Single by The Courteeners

from the album St. Jude
- Released: 31 March 2008
- Recorded: 2007
- Genre: Indie rock; post-punk revival;
- Length: 4:05
- Label: Polydor
- Songwriter: Liam Fray
- Producer: Stephen Street

The Courteeners singles chronology
| "What Took You So Long" (2008) | "Not Nineteen Forever" (2008) | "No You Didn't, No You Don't" (2008) |

= Not Nineteen Forever =

"Not Nineteen Forever" is the fourth single released by the English indie rock band The Courteeners. Taken from their debut studio album St. Jude, it was released on 31 March 2008 on a CD and two 7" singles. It reached #19 in the UK singles chart making it the highest charting Courteeners single to date.
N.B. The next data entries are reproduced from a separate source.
(* Consider the parametrized system $A\,(c\circ x^B)=0$ with $\ell$ classes as in the context, and assume: (i) $\ker A\cap\mathbb{R}^m_{>0}\neq\emptyset$; (ii) $d=d_1+\cdots+d_\ell$; (iii) for every $j=1,\dots,\ell$: $d_j=\dim P_j\le1$, and if $d_j=1$ then $\sum_{i'=1}^{i}\tilde b^j_{i'}\ge0$ for all $i=1,\dots,\omega_j-1$ (or $\le0$ for all such $i$) and $\tilde b^j_1\cdot\tilde b^j_{\omega_j}<0$. Then $|Y_c|=1$ for all $c\in\mathbb{R}^m_{>0}$.
   Context: Notation: for $x\in\mathbb{R}^n_{>0}$ and $y\in\mathbb{R}^n$, $x^y=\prod_i x_i^{y_i}$; for $B=(b^1,\dots,b^m)$, $x^B$ has entries $x^{b^j}$; $\circ$ is the componentwise product; $(\cdot)^{-1}$ of a positive vector is componentwise; $1_k$ is the all-ones vector in $\mathbb{R}^k$. Setting with classes: $A=(A_1\ \cdots\ A_\ell)\in\mathbb{R}^{l\times m}$ with blocks $A_j\in\mathbb{R}^{l\times m_j}$, $m_1+\cdots+m_\ell=m$, such that $\ker A=\ker A_1\times\cdots\times\ker A_\ell$; correspondingly $B=(B_1\ \cdots\ B_\ell)\in\mathbb{R}^{n\times m}$ with $B_j\in\mathbb{R}^{n\times m_j}$ and $c=(c^1,\dots,c^\ell)$ with $c^j\in\mathbb{R}^{m_j}_{>0}$. For each $j$, $P_j=\{y\in\ker A_j\cap\mathbb{R}^{m_j}_{>0}: 1_{m_j}\cdot y=1\}$ and the coefficient polytope is $P=P_1\times\cdots\times P_\ell$. Let $J\in\mathbb{R}^{\ell\times m}$ be block diagonal with diagonal blocks $1_{m_j}^{\mathsf T}$. The monomial dependency subspace is $D=\ker\begin{pmatrix}B\\ J\end{pmatrix}\subseteq\mathbb{R}^m$, $d=\dim D$, and $d_j=\dim\ker\begin{pmatrix}B_j\\ 1_{m_j}^{\mathsf T}\end{pmatrix}$. The solution set on the coefficient polytope is $Y_c=\{y\in P: y^z=c^z\text{ for all }z\in D\}$. For $j$ with $\dim P_j=1$: let $y^{j,1},y^{j,2}$ be the endpoints of the segment $\overline{P_j}=\{y\in\ker A_j\cap\mathbb{R}^{m_j}_{\ge0}:1_{m_j}\cdot y=1\}$, $q^j=(y^{j,1}-y^{j,2})\circ(y^{j,1}+y^{j,2})^{-1}$, indices reordered so that $1=q^j_1\ge\cdots\ge q^j_{m_j}=-1$, and $I^j_1,\dots,I^j_{\omega_j}$ the equivalence classes of equal consecutive components of $q^j$ (in decreasing order of the common value). For $j$ with $d_j=1$: $b^j\in\mathbb{R}^{m_j}$ spans $\ker\begin{pmatrix}B_j\\ 1_{m_j}^{\mathsf T}\end{pmatrix}$ and $\tilde b^j\in\mathbb{R}^{\omega_j}$ has entries $\tilde b^j_i=\sum_{i'\in I^j_i}b^j_{i'}$. *)

From HB Require Import structures.
From mathcomp Require Import all_boot all_order all_algebra.
From mathcomp Require Import reals exp.
Set Implicit Arguments. Unset Strict Implicit. Unset Printing Implicit Defensive.
Import Order.TTheory GRing.Theory Num.Theory.
Local Open Scope ring_scope.

(* Encoding of the classes: the m reaction/monomial indices 'I_m are split
   into L classes by  cls : 'I_m -> 'I_L ; the block A_j (resp. B_j, c^j) is
   the set of columns (entries) i with cls i = j.  Vectors of R^m are row
   vectors 'rV[R]_m; vectors of R^{m_j} are identified with vectors of R^m
   supported on class j. *)

Section Defs.
Variables (R : realType) (l n m L : nat).
Variables (A : 'M[R]_(l, m)) (B : 'M[R]_(n, m)) (cls : 'I_m -> 'I_L).

Definition clmask (j : 'I_L) (y : 'rV[R]_m) : 'rV[R]_m :=
  \row_i (if cls i == j then y 0 i else 0).

Definition mpow (x y : 'rV[R]_m) : R := \prod_(i < m) (x 0 i) `^ (y 0 i).

(* J : block diagonal with blocks 1_{m_j}^T *)
Definition Jmat : 'M[R]_(L, m) := \matrix_(j, i) (cls i == j)%:R.

(* D = ker (B ; J); a square matrix whose row space is D *)
Definition Dsp : 'M[R]_m := kermx (col_mx B Jmat)^T.
Definition dimD : nat := \rank Dsp.

(* ker (B_j ; 1_{m_j}^T), embedded in R^m as vectors supported on class j *)
Definition onesj (j : 'I_L) : 'rV[R]_m := \row_i (cls i == j)%:R.
Definition offj (j : 'I_L) : 'M[R]_m := diag_mx (\row_i (cls i != j)%:R).
Definition Djsp (j : 'I_L) : 'M[R]_m :=
  kermx (col_mx (col_mx B (onesj j)) (offj j))^T.
Definition dimDj (j : 'I_L) : nat := \rank (Djsp j).

Definition Pj (j : 'I_L) (y : 'rV[R]_m) : Prop :=
  [/\ forall i, cls i != j -> y 0 i = 0,
      forall i, cls i == j -> 0 < y 0 i,
      A *m y^T = 0
    & \sum_(i | cls i == j) y 0 i = 1].
Definition Pbarj (j : 'I_L) (y : 'rV[R]_m) : Prop :=
  [/\ forall i, cls i != j -> y 0 i = 0,
      forall i, cls i == j -> 0 <= y 0 i,
      A *m y^T = 0
    & \sum_(i | cls i == j) y 0 i = 1].

Definition Ppoly (y : 'rV[R]_m) : Prop := forall j, Pj j (clmask j y).

Definition Yc (c : 'rV[R]_m) (y : 'rV[R]_m) : Prop :=
  Ppoly y /\ forall z : 'rV[R]_m, (z <= Dsp)%MS -> mpow y z = mpow c z.

Definition qj (y1 y2 : 'rV[R]_m) (i : 'I_m) : R :=
  (y1 0 i - y2 0 i) / (y1 0 i + y2 0 i).

(* the distinct values of q^j on class j, in decreasing order;
   its length is omega_j, and value number k determines I^j_{k+1} *)
Definition qvals (j : 'I_L) (y1 y2 : 'rV[R]_m) : seq R :=
  sort (fun a b => b <= a) (undup [seq qj y1 y2 i | i <- enum 'I_m & cls i == j]).

(* tilde b^j_{k+1} (0-indexed k) *)
Definition btilde (j : 'I_L) (y1 y2 b : 'rV[R]_m) (k : nat) : R :=
  \sum_(i | (cls i == j) && (qj y1 y2 i == nth 0 (qvals j y1 y2) k)) b 0 i.

End Defs.

(* The empty set has no dimension in nat (its dimension is -1). *)
Definition affdim (R : fieldType) (m : nat) (S : 'rV[R]_m -> Prop) (r : nat) : Prop :=
  (exists x, S x) /\
  exists V : 'M[R]_m,
    [/\ \rank V = r,
        forall x y, S x -> S y -> (x - y <= V)%MS
      & forall W : 'M[R]_m, (forall x y, S x -> S y -> (x - y <= W)%MS) -> (V <= W)%MS].

From HB Require Import structures.
From mathcomp Require Import all_boot all_order all_algebra.
From mathcomp Require Import reals exp.
From mathcomp Require Import boolp classical_sets topology normedtype sequences.
From mathcomp Require Import ring lra.
Set Implicit Arguments. Unset Strict Implicit. Unset Printing Implicit Defensive.
Import Order.TTheory GRing.Theory Num.Theory.
Import numFieldNormedType.Exports.
Local Open Scope ring_scope.

(* By (ii) the dependency space D is the direct sum of the spaces D_j, so the
   equations y^z = c^z (z in D) decouple into one condition per class: none
   when d_j = 0 (then P_j is a point), and <b^j, ln y> = <b^j, ln c> when
   d_j = 1.  In the latter case P_j is the open segment between y^{j,1} and
   y^{j,2}.  Each endpoint vanishes somewhere on class j (otherwise the segment
   could be prolonged inside the closed polytope), so q^j takes the values 1
   and -1; along y(t) = (1 - t) y^{j,1} + t y^{j,2} one has
   y(t)_i = (y^{j,1}_i + y^{j,2}_i) / 2 * (1 + q^j_i u) with u = 1 - 2t.  The
   condition becomes sum_k tilde b^j_k ln (1 + Q_k u) = const, where
   1 = Q_1 > ... > Q_omega = -1 are the values of q^j.  By Abel summation and
   the sign conditions on tilde b^j the left-hand side is strictly monotone on
   (-1, 1) and unbounded in both directions, so it has exactly one solution. *)

Section LogMixture.
Variable R : realType.
Implicit Types (a b c d q u w S tau : R).

Lemma add1_mul_gt0 q u : -1 <= q <= 1 -> -1 < u < 1 -> 0 < 1 + q * u.
Proof. by move=> /andP[q1 q2] /andP[u1 u2]; have [q0|q0] := leP 0 q; nra. Qed.

Lemma ln_cross_gt0 a b c d : 0 < a -> 0 < b -> 0 < c -> 0 < d ->
  b * c < a * d -> 0 < (ln a - ln b) - (ln c - ln d).
Proof.
move=> a0 b0 c0 d0 lt_bc_ad.
have -> : (ln a - ln b) - (ln c - ln d) = ln (a * d) - ln (b * c).
  by rewrite !lnM ?posrE //; lra.
by rewrite subr_gt0 ltr_ln ?posrE ?mulr_gt0.
Qed.

Lemma abel_summation (be x : nat -> R) N :
  \sum_(k < N.+1) be k * x k =
  \sum_(k < N) (\sum_(k' < k.+1) be k') * (x k - x k.+1)
  + (\sum_(k' < N.+1) be k') * x N.
Proof.
elim: N => [|N IH]; first by rewrite !big_ord1 big_ord0 add0r.
rewrite big_ord_recr IH /= [\sum_(k < N.+1) _ * (_ - _)]big_ord_recr /=.
rewrite [\sum_(k' < N.+2) be k']big_ord_recr /=.
set Sn := \sum_(k' < N.+1) be k'.
by rewrite mulrDl mulrBr; lra.
Qed.

(* [- ln (1 - w)] blows up as [w -> 1] while [1 + q w] stays above [(1 + q) / 2]. *)
Lemma ln_gap_unbounded S q tau : 0 < S -> -1 < q <= 1 ->
  exists2 w, 0 <= w < 1 & tau <= S * (ln (1 + q * w) - ln (1 - w)).
Proof.
move=> S0 /andP[q1 q2].
pose m0 := (1 + q) / 2; have m0_gt0 : 0 < m0 by rewrite /m0; lra.
pose K := Num.max 0 (tau / S - ln m0).
have eK_gt0 : 0 < expR (- K) := expR_gt0 _.
have eK_le1 : expR (- K) <= 1 by rewrite expR_le1 oppr_le0 le_max lexx.
pose w := 1 - expR (- K).
have w_ge0 : 0 <= w by rewrite /w; lra.
have w_lt1 : w < 1 by rewrite /w; lra.
exists w; first by rewrite w_ge0 w_lt1.
have -> : ln (1 - w) = - K by rewrite /w opprB addrC subrK expRK.
have ln_m0_le : ln m0 <= ln (1 + q * w).
  rewrite ler_ln ?posrE //; last by apply: add1_mul_gt0; apply/andP; split; lra.
  have a1 : 0 <= 1 - w by lra.
  have a2 : 0 <= 1 - q by lra.
  have a3 : 0 <= 1 + q by lra.
  by have := mulr_ge0 a1 a2; have := mulr_ge0 w_ge0 a3; rewrite /m0; nra.
have K_ge : tau / S - ln m0 <= K by rewrite le_max lexx orbT.
by rewrite -ler_pdivrMl // mulrC; lra.
Qed.

Lemma continuous_ln_affine a q u : 0 < 1 + q * u ->
  {for u, continuous (fun x => a * ln (1 + q * x))}.
Proof.
move=> pos; apply: continuousM; first exact: cst_continuous.
have aff : {for u, continuous (fun x : R => 1 + q * x)}.
  apply: continuousD; first exact: cst_continuous.
  by apply: continuousM; [exact: cst_continuous|].
exact: continuous_comp aff (continuous_ln pos).
Qed.

End LogMixture.

Definition log_mix {R : realType} N (Q be : nat -> R) (u : R) : R :=
  \sum_(k < N) be k * ln (1 + Q k * u).

Lemma continuous_log_mix (R : realType) N (Q be : nat -> R) u :
  (forall k, (k < N)%N -> -1 <= Q k <= 1) -> -1 < u < 1 ->
  {for u, continuous (log_mix N Q be)}.
Proof.
move=> Qb u1; apply: (@cvg_big R 'I_N +%R 0 xpredT add_continuous) => k _.
exact: continuous_ln_affine (add1_mul_gt0 (Qb k (ltn_ord k)) u1).
Qed.

Section LogMixMonotone.
Variables (R : realType) (n : nat) (Q be : nat -> R).
Hypotheses (Q0 : Q 0%N = 1) (Qlast : Q n.+1 = -1)
  (Q_decr : forall k, (k < n.+1)%N -> Q k.+1 < Q k)
  (Q_bound : forall k, (k < n.+2)%N -> -1 <= Q k <= 1)
  (psum_ge0 : forall k, (k < n.+1)%N -> 0 <= \sum_(k' < k.+1) be k')
  (sum_be : \sum_(k < n.+2) be k = 0)
  (be_first_last : be 0%N * be n.+1 < 0).

Let h := log_mix n.+2 Q be.
Let psum k := \sum_(k' < k.+1) be k'.
Let gap u v k := (ln (1 + Q k * v) - ln (1 + Q k * u))
                 - (ln (1 + Q k.+1 * v) - ln (1 + Q k.+1 * u)).

Let psum0_gt0 : 0 < psum 0.
Proof.
have := psum_ge0 (ltn0Sn n); rewrite /psum big_ord1 le_eqVlt => /orP[/eqP e|//].
by move: be_first_last; rewrite -e mul0r ltxx.
Qed.

Let psum_last_gt0 : 0 < psum n.
Proof.
have be_last_lt0 : be n.+1 < 0.
  by move: be_first_last; rewrite pmulr_rlt0 //; have := psum0_gt0; rewrite /psum big_ord1.
by move: sum_be; rewrite big_ord_recr /= -/(psum n); lra.
Qed.

Let h_sub u v : h v - h u = \sum_(k < n.+1) psum k * gap u v k.
Proof.
rewrite /h /log_mix -sumrB.
under eq_bigr => k _ do rewrite -mulrBr.
rewrite (abel_summation be (fun k => ln (1 + Q k * v) - ln (1 + Q k * u))).
by rewrite sum_be mul0r addr0.
Qed.

(* [(1 + Q_k v) (1 + Q_(k+1) u) - (1 + Q_k u) (1 + Q_(k+1) v) = (Q_k - Q_(k+1)) (v - u)] *)
Let gap_gt0 u v k : -1 < u -> u < v -> v < 1 -> (k < n.+1)%N -> 0 < gap u v k.
Proof.
move=> u1 uv v1 kn.
have pos w i : -1 < w < 1 -> (i < n.+2)%N -> 0 < 1 + Q i * w.
  by move=> w1 i_lt; apply: add1_mul_gt0 (Q_bound i_lt) w1.
have u_in : -1 < u < 1 by apply/andP; split; lra.
have v_in : -1 < v < 1 by apply/andP; split; lra.
have kn2 : (k < n.+2)%N := ltnW kn.
apply: ln_cross_gt0; try exact: pos.
have dQ : 0 < Q k - Q k.+1 by rewrite subr_gt0 Q_decr.
have duv : 0 < v - u by rewrite subr_gt0.
by have := mulr_gt0 dQ duv; nra.
Qed.

Let gap_ge0 u v k : -1 < u -> u <= v -> v < 1 -> (k < n.+1)%N -> 0 <= gap u v k.
Proof.
move=> u1; rewrite le_eqVlt => /orP[/eqP <- _ _|uv v1 kn]; last exact/ltW/gap_gt0.
by rewrite /gap !subrr.
Qed.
In 2013, it was used by Manchester United to celebrate their 20th Premier League title triumph. The song is featured on Pro Evolution Soccer 2010.

==Background==

The lyrics concern a conversation between a young man and his older girlfriend, who is disappointed by his wild and hedonistic behaviour that night, and she drives him for 'tea and toast'. He flirts with her in the car, but she reminds him he's only young and needs to get his life together. He goes out again and chases another woman, but she disappears before he can make conversation. He muses about how she probably wasn't worth chasing before understanding his girlfriend's words.

==Release==

The single was released on 31 March 2008 as both a CD single and as two alternate 7" singles. It managed to enter the UK Singles Chart at a peak of #19, making it the Courteeners' most successful single to date.

==Track listing==

- CD
1. "Not Nineteen Forever" – 4:05
2. "Smiths Disco" – 2:47

- 7" (1)
3. "Not Nineteen Forever"
4. "Trying Too Hard To Score"

- 7" (2)
5. "Not Nineteen Forever"
6. "If It Wasn't For Me" (demo)

==Charts==
===Weekly charts===

| Chart (2008) | Peak position |
|---|---|
| Scotland (OCC) | 10 |
| UK Singles (OCC) | 19 |

==Certifications==

| Region | Certification | Certified units/sales |
| United Kingdom (BPI) | 2× Platinum | 1,200,000^{‡} |
^{‡} Sales+streaming figures based on certification alone.